Copy verbatim the material from its first line to the line that holds "Definition strictly_K_positive (R", including that line.

Records for processing
···

(* For every integer $n \geq 1$, we have $\gamma_{\mathrm{aff}}(B_n) = n+1$, where $B_n$ is the closed unit ball of the Euclidean space $\mathbf{R}^n$.
   Context: For a convex body $K \subset \mathbf{R}^n$, an affine map $\Phi : \mathbf{R}^n \to \mathbf{R}^n$ is $K$-positive if $\Phi(K) \subset K$, strictly $K$-positive if $\Phi(K) \subset \mathrm{int}(K)$, and $K$-primitive if it is $K$-positive and there is an integer $k \geq 1$ with $\Phi^k$ strictly $K$-positive; the smallest such $k$ is $\gamma_{\mathrm{aff}}(K,\Phi)$. The affine maximal exponent $\gamma_{\mathrm{aff}}(K)$ is the supremum of $\gamma_{\mathrm{aff}}(K,\Phi)$ over all $K$-primitive affine maps $\Phi : \mathbf{R}^n \to \mathbf{R}^n$. *)

From HB Require Import structures.
From mathcomp Require Import all_boot all_order all_algebra.
From mathcomp Require Import all_classical all_reals ereal.
Set Implicit Arguments. Unset Strict Implicit. Unset Printing Implicit Defensive.
Import Order.TTheory GRing.Theory Num.Theory.
Local Open Scope ring_scope.
Local Open Scope classical_set_scope.

Definition sqnorm (R : realType) (n : nat) (x : 'cV[R]_n) : R :=
  \sum_(i < n) (x i 0) ^+ 2.

Arguments sqnorm {R n} x.
Definition unit_ball (R : realType) (n : nat) : set 'cV[R]_n :=
  [set x | sqnorm x <= 1].

Definition interior_set (R : realType) (n : nat) (K : set 'cV[R]_n) : set 'cV[R]_n :=
  [set x | exists2 e : R, 0 < e &
     forall y : 'cV[R]_n, sqnorm (y - x) < e ^+ 2 -> K y].

Definition is_affine (R : realType) (n : nat) (f : 'cV[R]_n -> 'cV[R]_n) : Prop :=
  exists (A : 'M[R]_n) (b : 'cV[R]_n), forall x, f x = A *m x + b.

Definition K_positive (R : realType) (n : nat) (K : set 'cV[R]_n)
  (f : 'cV[R]_n -> 'cV[R]_n) : Prop := f @` K `<=` K.

Definition strictly_K_positive (R : realType) (n : nat) (K : set 'cV[R]_n)
  (f : 'cV[R]_n -> 'cV[R]_n) : Prop := f @` K `<=` interior_set K.

Definition K_primitive (R : realType) (n : nat) (K : set 'cV[R]_n)
  (f : 'cV[R]_n -> 'cV[R]_n) : Prop :=
  K_positive K f /\ exists k : nat, (1 <= k)%N /\ strictly_K_positive K (iter k f).

Definition is_gamma_aff_map (R : realType) (n : nat) (K : set 'cV[R]_n)
  (f : 'cV[R]_n -> 'cV[R]_n) (k : nat) : Prop :=
  [/\ (1 <= k)%N, strictly_K_positive K (iter k f) &
      forall j : nat, (1 <= j)%N -> (j < k)%N -> ~ strictly_K_positive K (iter j f)].

Definition gamma_aff (R : realType) (n : nat) (K : set 'cV[R]_n) : \bar R :=
  ereal_sup [set ((k%:R : R)%:E) | k in
    [set k : nat | exists f, [/\ is_affine f, K_primitive K f & is_gamma_aff_map K f k]]].
Arguments unit_ball R n : clear implicits.

From HB Require Import structures.
From mathcomp Require Import all_boot all_order all_algebra.
From mathcomp Require Import all_classical all_reals ereal.
From mathcomp Require Import zify ring lra.
Import Order.TTheory GRing.Theory Num.Theory.
Local Open Scope ring_scope.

···

Response to the exercise
(* For every integer $n \geq 1$, we have $\gamma_{\mathrm{aff}}(B_n) = n+1$, where $B_n$ is the closed unit ball of the Euclidean space $\mathbf{R}^n$.
   Context: For a convex body $K \subset \mathbf{R}^n$, an affine map $\Phi : \mathbf{R}^n \to \mathbf{R}^n$ is $K$-positive if $\Phi(K) \subset K$, strictly $K$-positive if $\Phi(K) \subset \mathrm{int}(K)$, and $K$-primitive if it is $K$-positive and there is an integer $k \geq 1$ with $\Phi^k$ strictly $K$-positive; the smallest such $k$ is $\gamma_{\mathrm{aff}}(K,\Phi)$. The affine maximal exponent $\gamma_{\mathrm{aff}}(K)$ is the supremum of $\gamma_{\mathrm{aff}}(K,\Phi)$ over all $K$-primitive affine maps $\Phi : \mathbf{R}^n \to \mathbf{R}^n$. *)

From HB Require Import structures.
From mathcomp Require Import all_boot all_order all_algebra.
From mathcomp Require Import all_classical all_reals ereal.
Set Implicit Arguments. Unset Strict Implicit. Unset Printing Implicit Defensive.
Import Order.TTheory GRing.Theory Num.Theory.
Local Open Scope ring_scope.
Local Open Scope classical_set_scope.

Definition sqnorm (R : realType) (n : nat) (x : 'cV[R]_n) : R :=
  \sum_(i < n) (x i 0) ^+ 2.

Arguments sqnorm {R n} x.
Definition unit_ball (R : realType) (n : nat) : set 'cV[R]_n :=
  [set x | sqnorm x <= 1].

Definition interior_set (R : realType) (n : nat) (K : set 'cV[R]_n) : set 'cV[R]_n :=
  [set x | exists2 e : R, 0 < e &
     forall y : 'cV[R]_n, sqnorm (y - x) < e ^+ 2 -> K y].

Definition is_affine (R : realType) (n : nat) (f : 'cV[R]_n -> 'cV[R]_n) : Prop :=
  exists (A : 'M[R]_n) (b : 'cV[R]_n), forall x, f x = A *m x + b.

Definition K_positive (R : realType) (n : nat) (K : set 'cV[R]_n)
  (f : 'cV[R]_n -> 'cV[R]_n) : Prop := f @` K `<=` K.

Definition strictly_K_positive (R : realType) (n : nat) (K : set 'cV[R]_n)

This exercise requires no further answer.